"Because from the moment that equality became established between them it ceased to be a whit more the interest of women to make themselves attractive and desirable to men than for men to produce the same impression upon women."
"Meaning thereby that previous to the establishment of economic equality between men and women it was decidedly more the interest of the women to make themselves personally attractive than of the men."
"Assuredly," said the doctor. "Tell me to what motive did men in your day ascribe the excessive devotion of the other sex to matters of dress as compared with men's comparative neglect of the subject?"
"Well, I don't think we did much clear thinking on the subject. In fact, anything which had any sexual suggestion about it was scarcely ever treated in any other than a sentimental or jesting tone."
"That is indeed," said the doctor, "a striking trait of your age, though explainable enough in view of the utter hypocrisy underlying the entire relation of the sexes, the pretended chivalric deference to women on the one hand, coupled with their practical suppression on the other, but you must have had some theory to account for women's excessive devotion to personal adornment."

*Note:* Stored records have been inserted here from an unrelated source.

Definition miso (T T' : finType) (M : matroid T) (N : matroid T') : Prop :=
  exists f : T -> T', bijective f /\
    forall X : {set T}, indep N (f @: X) = indep M X.

(* M has a minor isomorphic to the matroid on T' with independence
   predicate indN: there are disjoint C (contracted) and D (deleted) and a
   bijection f from T' onto the remaining ground set E - (C u D), such that
   X is independent in N iff f(X) is independent in M / C \ D, where
   I (disjoint from C) is independent in M / C iff r(I u C) = |I| + r(C). *)
Definition has_minor (T T' : finType) (M : matroid T)
    (indN : {set T'} -> bool) : Prop :=
  exists (C D : {set T}) (f : T' -> T),
    [/\ [disjoint C & D], injective f,
        f @: [set: T'] = ~: (C :|: D) &
        forall X : {set T'},
          indN X = (rk M (f @: X :|: C) == #|X| + rk M C)%N].

(* The matroid U_{k,k} (+) U_{0,l} on 'I_(k+l): elements < k are free,
   the remaining l elements are loops. *)
Definition free_plus_loops (k l : nat) (X : {set 'I_(k + l)}) : bool :=
  X \subset [set i : 'I_(k + l) | (i < k)%N].

Definition kl_uniform (k l : nat) (T : finType) (M : matroid T) : Prop :=
  ~ has_minor M (@free_plus_loops k l).

(* GF(q)-representable: there is a field F with q elements and vectors
   v e (e in T) in F^n such that X is independent iff (v e)_{e in X} is
   linearly independent (as a family, so no repetitions). *)
Definition representable (q : nat) (T : finType) (M : matroid T) : Prop :=
  exists (F : finFieldType) (n : nat) (v : T -> 'rV[F]_n),
    #|F| = q /\
    forall X : {set T}, indep M X = free [seq v x | x <- enum X].

Definition prime_power (q : nat) : Prop :=
  exists p e : nat, [/\ prime p, (0 < e)%N & q = (p ^ e)%N].

(* Let B be a maximum independent set of a simple, cosimple, (k,l)-uniform
   matroid represented over GF(q), and describe every element by its
   coordinates with respect to B.  Simplicity makes these coordinate vectors
   pairwise distinct, so there are at most q^|B| elements and it suffices to
   bound |B|.  Cosimplicity forces two basis elements to differ in some
   coordinate of an element outside B, so |B| <= q^|E - B|, which settles the
   case |E - B| <= l.  Otherwise fix l+1 elements outside B; if
   |B| > k q^(l+1), more than k basis indices see the same coordinates on
   them.  Pivoting on one such index and contracting the basis elements
   outside that fibre turns l of the chosen elements into loops while k basis
   elements of the fibre stay free: a U_{k,k} (+) U_{0,l} minor. *)

From mathcomp Require Import all_boot all_order all_algebra all_field.
From Stdlib Require Import ClassicalEpsilon.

"The theory, I think, was that handed down from the ancients--namely, that women were naturally vainer than men. But they did not like to hear that said: so the polite way of accounting for the obvious fact that they cared so much more for dress than did men was that they were more sensitive to beauty, more unselfishly desirous of pleasing, and other agreeable phrases."
"And did it not occur to you that the real reason why woman gave so much thought to devices for enhancing her beauty was simply that, owing to her economic dependence on man's favor, a woman's face was her fortune, and that the reason men were so careless for the most part as to their personal appearance was that their fortune in no way depended on their beauty; and that even when it came to commending themselves to the favor of the other sex their economic position told more potently in their favor than any question of personal advantages? Surely this obvious consideration fully explained woman's greater devotion to personal adornment, without assuming any difference whatever in the natural endowment of the sexes as to vanity."
"And consequently," I put in, "when women ceased any more to depend for their economic welfare upon men's favor, it ceased to be their main aim in life to make themselves attractive to men's eyes?"
"Precisely so, to their unspeakable gain in comfort, dignity, and freedom of mind for more important interests."
"But to the diminution, I suspect, of the picturesqueness of the social panorama?"